The script—penned by actor Taylor Sheridan—every so often chooses to push Blunt’s enthusiastic and idealistic FBI agent character Kate Macer to the sidelines, weighing an otherwise beefy film down, inventing occasions to hold her back from the action. You want Kate to become the Clarice Starling from The Silence of the Lambs or Maya from Zero Dark Thirty of this story. Yet Sicario insists on remaining on the lite side of both of those films, with a story designed to ignore persistent character development and leave its female in the dark (even when the setup suggests otherwise) when all she wants is to be defined by her job, one at which she’s clearly aces.

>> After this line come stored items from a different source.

Lemma not_Cplus_empty_nil Y c b1 b2 : b1 != c -> b2 != c -> b1 != b2 ->
  (exists d, lang Y [:: d; c]) -> (exists a, lang Y [:: a; b1]) ->
  (exists a, lang Y [:: a; b2]) ->
  (forall a, lang Y [:: a; b1] -> lang Y [:: a; b2] -> False) -> ~ Cplus_empty Y.
Proof.
move=> b1c b2c b12 Yc Y1 Y2 disj; apply: (not_Cplus_empty (w := [::]) Yc).
by exists b1, b2.
Qed.

Section NonInvariantMorphisms.
Variable X : subshift.
Hypothesis shX : shift_space X.

Lemma pairs_beta c d : lang (image_shift s_beta X) [:: c; d] ->
  (c, d) \in [:: (l1, l2); (l1, l3); (l3, l2); (l1, l1); (l2, l1)].
Proof.
case/lang_image_pair => [|a [i [lt_i <- <-]]]; first by apply: letter_ind; eexists.
by move: a i lt_i; apply: letter_ind => -[|[|[|i]]].
Qed.

Lemma pairs_gamma c d : lang (image_shift s_gamma X) [:: c; d] ->
  (c, d) \in [:: (l1, l2); (l2, l3); (l1, l1); (l2, l1); (l3, l1)].
Proof.
case/lang_image_pair => [|a [i [lt_i <- <-]]]; first by apply: letter_ind; eexists.
by move: a i lt_i; apply: letter_ind => -[|[|[|i]]].
Qed.

Lemma pairs_eta c d : lang (image_shift s_eta X) [:: c; d] ->
  (c, d) \in [:: (l1, l3); (l1, l2); (l2, l3); (l3, l1); (l2, l1)].
Proof.
case/lang_image_pair => [|a [i [lt_i <- <-]]]; first by apply: letter_ind; eexists.
by move: a i lt_i; apply: letter_ind => -[|[|[|i]]].
Qed.

Lemma beta_not_Cminus_empty : ~ Cminus_empty (image_shift s_beta X).
Proof.
have s_head a : exists A', s_beta a = l1 :: A' by move: a; apply: letter_ind; eexists.
apply: (@not_Cminus_empty_nil _ l1 l2 l3) => //.
- by eexists; apply: (image_pair_lang (a := l2) (i := 0) s_head shX).
- by eexists; apply: (image_pair_lang (a := l2) (i := 1) s_head shX).
- by eexists; apply: (image_pair_lang (a := l3) (i := 1) s_head shX).
by move=> b /pairs_beta + /pairs_beta; move: b; apply: letter_ind.
Qed.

Yes, the story is somewhat thin, the backdrop is dreadful, and the body count is out of control (as early as the opening moments). Thankfully, Sicario is still a meaty playground for the dexterously versatile French-Canadian director Villeneuve to roam around, following his Academy-Award winning wartime family drama Incendies in 2010, and the crime/thriller duo of Prisoners and Enemy in 2013. With Jóhann Jóhannsson’s heart-thumping music, which becomes audible even before the slightest resemblance of images take over the screen, Sicario is gripping and intense from the get-go, while we’re taken through an FBI raid led by Kate, where her team discovers more than 40 dead bodies buried in the walls of an Arizona safe house.

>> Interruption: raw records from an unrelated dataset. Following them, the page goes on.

Lemma model_nf_inj r s t u v r' s' t' u' v' :
  nf px py r s t u v = nf px py r' s' t' u' v' ->
  [/\ r = r' %[mod P], s = s' %[mod Q], t = t' %[mod Q], u = u' %[mod R]
    & v = v' %[mod R]].
Proof.
move/(congr1 (fun g : {perm state} => g (0, 0, 0, 0, 0, 0))).
by rewrite !model_nf_origin => -[? ? ? ? ? _]; split; apply: Zp_nat_inj.
Qed.

Lemma nil3_model : exists (hT : finGroupType) (x y : hT),
  [/\ x ^+ P = 1, y ^+ Q = 1, 'L_4(<<[set x; y]>>) = 1,
      [~ x, y, x] ^+ R = 1 & [~ x, y, y] ^+ R = 1]%g /\
  forall r s t u v r' s' t' u' v',
    nf x y r s t u v = nf x y r' s' t' u' v' ->
    [/\ r = r' %[mod P], s = s' %[mod Q], t = t' %[mod Q],
         u = u' %[mod R] & v = v' %[mod R]].
Proof.
exists _, px, py; split; last exact: model_nf_inj.
split; [exact: px_expP | exact: py_expQ | exact: model_lcn4 | |].
  by rewrite commg_pxpy commg_pcpx pd_expR.
by rewrite commg_pxpy commg_pcpy pe_expR.
Qed.

End Model.

Section Nil3ProductQuotient.
Variables (gT : finGroupType) (G : {group gT}) (a b : gT) (P Q R : nat).
Hypothesis nil3G : is_nil3_product G a b P Q.

Let N := <<[set [~ a, b, a] ^+ R; [~ a, b, b] ^+ R]>>.

Let defG : G :=: <<[set a; b]>>. Proof. by case: nil3G. Qed.
Let aP : a ^+ P = 1. Proof. by case: nil3G. Qed.
Let bQ : b ^+ Q = 1. Proof. by case: nil3G. Qed.
Let L4G : 'L_4(G) = 1. Proof. by case: nil3G. Qed.
Let Ga : a \in G. Proof. by rewrite defG mem_gen // !inE eqxx. Qed.
Let Gb : b \in G. Proof. by rewrite defG mem_gen // !inE eqxx orbT. Qed.

Let nNG : G \subset 'N(N).
Proof.
rewrite cents_norm // centsC gen_subG subUset !sub1set.
by apply/andP; split; apply/groupX/centP => g Gg; apply: (lcn3_commute L4G).
Qed.

Let Na : a \in 'N(N). Proof. exact: subsetP nNG a Ga. Qed.
Let Nb : b \in 'N(N). Proof. exact: subsetP nNG b Gb. Qed.

Lemma nil3_coset_nf_surj k :
  k \in G / N -> exists r s t u v, k = coset N (nf a b r s t u v).
Proof.
case/morphimP=> g _ Gg ->; rewrite defG in Gg.
by have [r [s [t [u [v ->]]]]] := nf_gen2 Ga Gb L4G Gg; exists r, s, t, u, v.
Qed.

Lemma nil3_coset_nf_eq r s t u v r' s' t' u' v' : (R %| 'C(Q, 2))%N ->
  [/\ r = r' %[mod P], s = s' %[mod Q], t = t' %[mod Q], u = u' %[mod R]
    & v = v' %[mod R]] ->
  coset N (nf a b r s t u v) = coset N (nf a b r' s' t' u' v').
Proof.
move=> R_dvd_binQ eq_mod; rewrite !morph_nf //.
have L4GN : 'L_4(G / N) = 1 by rewrite -morphim_lcn // L4G morphim1.
apply: (nf_eq_mod (mem_quotient N Ga) (mem_quotient N Gb) L4GN _ _ _ _
  R_dvd_binQ eq_mod); rewrite -?morphR -?morphX ?groupR ?aP ?bQ ?morph1 //= coset_id //.
  by rewrite mem_gen // !inE eqxx.
by rewrite mem_gen // !inE eqxx orbT.
Qed.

This only scratches the surface of a grim, worsening drug war between the US and Mexico, waiting to see its foulest days yet. Hired as part of an FBI team tasked with a mysterious mission (under the banner of “fighting a war against drugs”) following the disorienting raid, Kate proves her eagerness, capabilities, and capacity for the unknown task. Nevertheless, she continuously gets mislead by her superior Matt (Josh Brolin) and the curious consultant Alejandro (Benicio Del Toro, in another drug-war-film after Steven Soderbergh’s Traffic, which earned him an Oscar), who serves both as the film’s cool factor and its occasional comic relief. Thinking that her task would be based in El Paso but finding herself in Mexico, Kate gently interrogates both Matt and Alejandro to no avail. Even when she feels satisfied with their answers, the on-screen discomfort confirms she will be in for further surprises while the overarching mission of hunting and bringing down a major drug lord takes unexpected twists and turns.

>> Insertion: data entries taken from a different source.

Lemma twice_diff_taylor eps : 0 < eps -> exists del, 0 < del /\ forall z, dist z x < del ->
  nrm (taylor2_rem u x (Du x) D2 z) <= eps * dist z x ^+ 2.
Proof.
move=> eps0; have C0 : 0 < N%:R * n%:R + 1 :> R by rewrite ltr_pwDr ?mulr_ge0.
pose e := eps / (N%:R * n%:R + 1); have e0 : 0 < e by rewrite divr_gt0.
have [d [d0 ug]] := twice_diff_grad; have [d1 [d10 Dlin]] := twice_diff_lin e0.
exists (Order.min d d1); split=> [|z]; first by rewrite lt_min d0 d10.
move=> zx; have [y_d y_d1] : (forall y, dist y x < Order.min d d1 -> dist y x < d)
    /\ (forall y, dist y x < Order.min d d1 -> dist y x < d1).
  by split=> y; rewrite lt_min => /andP[].
have coord a : `|taylor2_rem u x (Du x) D2 z a| <= n%:R * e * dist z x ^+ 2.
  exact: (taylor_estimate (ltW e0) (fun y yx => ug y (y_d y yx) a)
    (fun y yx => Dlin y (y_d1 y yx) a) zx).
apply: le_trans (nrm_le_card coord) _; rewrite card_ord.
have -> : N%:R * (n%:R * e * dist z x ^+ 2)
    = N%:R * n%:R / (N%:R * n%:R + 1) * eps * dist z x ^+ 2 by rewrite /e; ring.
rewrite ler_wpM2r ?sqr_ge0 //; apply: ler_piMl; first exact: ltW.
by rewrite ler_pdivrMr // mul1r lerDl.
Qed.

End TwiceDifferentiable.

Section Cutoff.
Variable R : realType.
Implicit Types (q a b : R).

Definition cutoff q : R := if q <= 1 then 1 else if q <= 2 then 2 - q else 0.

Lemma cutoff_ge0 q : 0 <= cutoff q.
Proof. by rewrite /cutoff; case: ifP => // _; case: ifP => //; rewrite subr_ge0. Qed.

Lemma cutoff_le1 q : cutoff q <= 1.
Proof. by rewrite /cutoff; case: ifPn => // /negbTE; rewrite leNgt => /negbFE; case: ifP => //; lra. Qed.

Lemma cutoff_small q : q <= 1 -> cutoff q = 1.
Proof. by rewrite /cutoff => ->. Qed.

Lemma cutoff_large q : 2 <= q -> cutoff q = 0.
Proof.
rewrite /cutoff => q2; case: ifP => [q1|_]; first lra.
case: ifP => // q2'; have -> : q = 2 by apply/le_anti; rewrite q2 q2'.
by rewrite subrr.
Qed.

Lemma cutoff_lipschitz a b : `|cutoff a - cutoff b| <= `|a - b|.
Proof.
have := ler_norm (a - b); have := ler_norm (b - a); rewrite distrC.
rewrite /cutoff => ? ?; case: (lerP a 1) => ?; case: (lerP b 1) => ?;
  try case: (lerP a 2) => ?; try case: (lerP b 2) => ?;
  by rewrite ler_norml; apply/andP; split; lra.
Qed.

End Cutoff.

Section Majorant.
Variables (R : realType) (n : nat) (W : vec R n -> R) (x : vec R n) (d1 : R).
Hypothesis d1_gt0 : 0 < d1.
Hypothesis W_ge0 : forall z, 0 <= W z.
Hypothesis W_le : forall z, dist z x < d1 -> W z <= dist z x ^+ 2.

(* [cutoff] makes [majorant] continuous in [r]; a plain supremum over [0 < dist z x <= r]
   would only be monotone *)
Definition majorant_set r := [set v : R | v = 0 \/ exists z,
  0 < dist z x < d1 /\ v = W z / dist z x ^+ 2 * cutoff (dist z x / r)].

Definition majorant r := sup (majorant_set r).

Lemma ratio_le1 z : 0 < dist z x < d1 -> W z / dist z x ^+ 2 <= 1.
Proof. by case/andP=> z0 zd; rewrite ler_pdivrMr ?exprn_gt0 // mul1r W_le. Qed.

Lemma ratio_ge0 z : 0 <= W z / dist z x ^+ 2.
Proof. by rewrite divr_ge0 ?sqr_ge0. Qed.

Lemma majorant_set_le1 r v : majorant_set r v -> v <= 1.
Proof.
case=> [->|[z [zx ->]]]; first exact: ler01.
by rewrite -[1]mulr1 ler_pM ?ratio_ge0 ?cutoff_ge0 ?ratio_le1 ?cutoff_le1.
Qed.

Lemma majorant_set_sup r : has_sup (majorant_set r).
Proof. by split; [exists 0; left | exists 1 => v /majorant_set_le1]. Qed.

Lemma majorant_ub r v : majorant_set r v -> v <= majorant r.
Proof. by move=> Sv; apply: ub_le_sup (majorant_set_sup r).2 _ Sv. Qed.

Lemma majorant_le r c : (forall v, majorant_set r v -> v <= c) -> majorant r <= c.
Proof. by apply: ge_sup; exists 0; left. Qed.

Lemma majorant_ge0 r : 0 <= majorant r.
Proof. by apply: majorant_ub; left. Qed.

Lemma W_le_majorant z : 0 < dist z x < d1 -> W z <= majorant (dist z x) * dist z x ^+ 2.
Proof.
move=> zx; have /andP[z0 _] := zx.
have := majorant_ub (or_intror (ex_intro _ z (conj zx erefl)) : majorant_set (dist z x) _).
by rewrite divff ?gt_eqF // cutoff_small // mulr1 ler_pdivrMr ?exprn_gt0.
Qed.

Lemma majorant_small : (forall eps, 0 < eps -> exists del, 0 < del /\
    forall z, dist z x < del -> W z <= eps * dist z x ^+ 2) ->
  forall eps, 0 < eps -> exists del, 0 < del /\ forall r, 0 < r -> r < del -> majorant r <= eps.
Proof.
move=> W_o2 eps eps0; have [del [del0 Wdel]] := W_o2 eps eps0.
exists (del / 2); split=> [|r r0 rdel]; first by rewrite divr_gt0.
apply: majorant_le => v [->|[z [/andP[z0 zd] ->]]]; first exact: ltW.
have [z_far|z_near] := lerP (2 * r) (dist z x).
  by rewrite cutoff_large ?mulr0; [exact: ltW | rewrite ler_pdivlMr // mulrC].
rewrite -[eps]mulr1 ler_pM ?ratio_ge0 ?cutoff_ge0 ?cutoff_le1 //.
by rewrite ler_pdivrMr ?exprn_gt0 // Wdel //; lra.
Qed.

Lemma majorant_lipschitz r r' : 0 < r -> 0 < r' ->
  majorant r' <= majorant r + d1 * `|r' - r| / (r * r').
Proof.
move=> r0 r'0; have rr0 : 0 < r * r' by rewrite mulr_gt0.
have slack_ge0 : 0 <= d1 * `|r' - r| / (r * r') by rewrite divr_ge0 ?mulr_ge0 // ltW.
apply: majorant_le => v [->|[z [zx ->]]]; first by rewrite addr_ge0 ?majorant_ge0.
have /andP[z0 zd] := zx.
have cut : `|cutoff (dist z x / r') - cutoff (dist z x / r)| <= d1 * `|r' - r| / (r * r').
  apply: le_trans (cutoff_lipschitz _ _) _.
  have -> : dist z x / r' - dist z x / r = dist z x * (r - r') / (r * r') by field; rewrite ?gt_eqF.
  rewrite normrM normfV normrM (gtr0_norm z0) (gtr0_norm rr0) distrC.
  by rewrite ler_pM2r ?invr_gt0 // ler_wpM2r // ltW.
move: cut => /ler_normlP[_ cut].
have := majorant_ub (or_intror (ex_intro _ z (conj zx erefl)) : majorant_set r _).
have := ratio_ge0 z; have := ratio_le1 zx.
set q := W z / _ => q1 q0 qc0.
apply: (@le_trans _ _ (q * cutoff (dist z x / r) + q * (d1 * `|r' - r| / (r * r')))).
  by rewrite -mulrDr ler_wpM2l //; lra.
by rewrite lerD // ler_piMl.
Qed.

Lemma majorant_dist r r' : 0 < r -> 0 < r' ->
  `|majorant r' - majorant r| <= d1 * `|r' - r| / (r * r').
Proof.
move=> r0 r'0; have := majorant_lipschitz r0 r'0; have := majorant_lipschitz r'0 r0.
by rewrite distrC [r' * r]mulrC ler_norml => ? ?; apply/andP; split; lra.
Qed.

Lemma majorant_cont r : 0 < r -> forall eps, 0 < eps -> exists del, 0 < del /\
  forall r', 0 < r' -> `|r' - r| < del -> `|majorant r' - majorant r| < eps.
Proof.
move=> r0 eps eps0; have C0 : 0 < 2 * (d1 + 1) by rewrite mulr_gt0 // addr_gt0.
have c0 : 0 < eps * r ^+ 2 / (2 * (d1 + 1)) by rewrite divr_gt0 // mulr_gt0 // exprn_gt0.
exists (Order.min (r / 2) (eps * r ^+ 2 / (2 * (d1 + 1)))); split=> [|r' r'0].
  by rewrite lt_min c0 divr_gt0.
rewrite lt_min => /andP[near1 near2]; apply: le_lt_trans (majorant_dist r0 r'0) _.
have r'_big : r / 2 < r' by move: near1; rewrite ltr_norml => /andP[]; lra.
move: near2; rewrite ltr_pdivlMr // => near2.
rewrite ltr_pdivrMr ?mulr_gt0 //.
have : eps * (r * (r / 2)) < eps * (r * r') by rewrite ltr_pM2l // ltr_pM2l.
have : d1 * `|r' - r| <= (d1 + 1) * `|r' - r| by rewrite ler_wpM2r ?lerDl.
rewrite expr2 in near2; nra.
Qed.

End Majorant.

Section ContactJet.
Variables (R : realType) (N n : nat).
Implicit Types (xi w v : vec R N).

Definition diagc (m : R) : ('I_N * 'I_N)%type -> R := fun p => m * (p.1 == p.2)%:R.

Lemma diagc_sym m : symmx (diagc m).
Proof. by move=> a b; rewrite /diagc /= eq_sym. Qed.

Lemma qform_vee xi w v : qform (vee xi w) v = dot xi v * dot w v.
Proof.
transitivity (2^-1 * (\sum_a \sum_b (xi a * v a) * (w b * v b)
                     + \sum_a \sum_b (w a * v a) * (xi b * v b))).
  rewrite -big_split mulr_sumr; apply: eq_bigr => a _.
  by rewrite -big_split mulr_sumr; apply: eq_bigr => b _ /=; rewrite /vee /=; ring.
by rewrite -!big_distrlr /= -/(dot xi v) -/(dot w v); field.
Qed.

Lemma qform_diagc c m v : qform (mxscale c (diagc m)) v = c * m * nrm v ^+ 2.
Proof.
rewrite nrm_sq /qform mulr_sumr; apply: eq_bigr => a _.
rewrite expr2 mulrA -(sum_mul_unitv (fun b => c * m * v a * v b) a); apply: eq_bigr => b _.
by rewrite /mxscale /diagc /unitv /= eq_sym; ring.
Qed.

Lemma nrm_diagc_lt m e : 0 < e -> `|m| <= e / (N%:R * N%:R + 1) -> nrm (diagc m) < e.
Proof.
move=> e0 me; have NN0 : 0 <= N%:R * N%:R :> R by rewrite mulr_ge0.
have : nrm (diagc m) <= N%:R * N%:R * `|m|.
  apply: le_trans (nrm_le_card (c := `|m|) _) _; last by rewrite card_prod card_ord natrM.
  by move=> p; rewrite normrM ler_piMr // /diagc; case: (_ == _); rewrite ?normr1 ?normr0.
move/le_lt_trans; apply; apply: le_lt_trans (ler_wpM2l NN0 me) _.
by rewrite mulrA ltr_pdivrMr ?ltr_pwDr // mulrDr mulr1 [e * _]mulrC ltrDl.
Qed.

Sicario proves to have enough life and intrigue to maintain one’s interest through its 2-hour running time, chief of which are its cast’s collective appeal and Roger Deakins’ (working with Villeneuve once again after Prisoners) gorgeous cinematography that expertly plugs a tense, slow-burn rhythm into each shot, especially during the film’s last set piece. But its world is so degraded and over-the-top tarnished that one inevitably looks for a more substantial and urgent-feeling story to fully tune in to and care for. This impulse unfortunately goes unfulfilled as long stretches of tease (one of which blatantly wastes Kate as ‘bait’) take over and become the norm. We need no convincing that Villeneuve can orchestrate a complex, high-gear project and steer his ship effortlessly—just think of the weight of his next undertaking with the upcoming Blade Runner sequel that will unite him with Deakins again. He just needs a better story with more substance.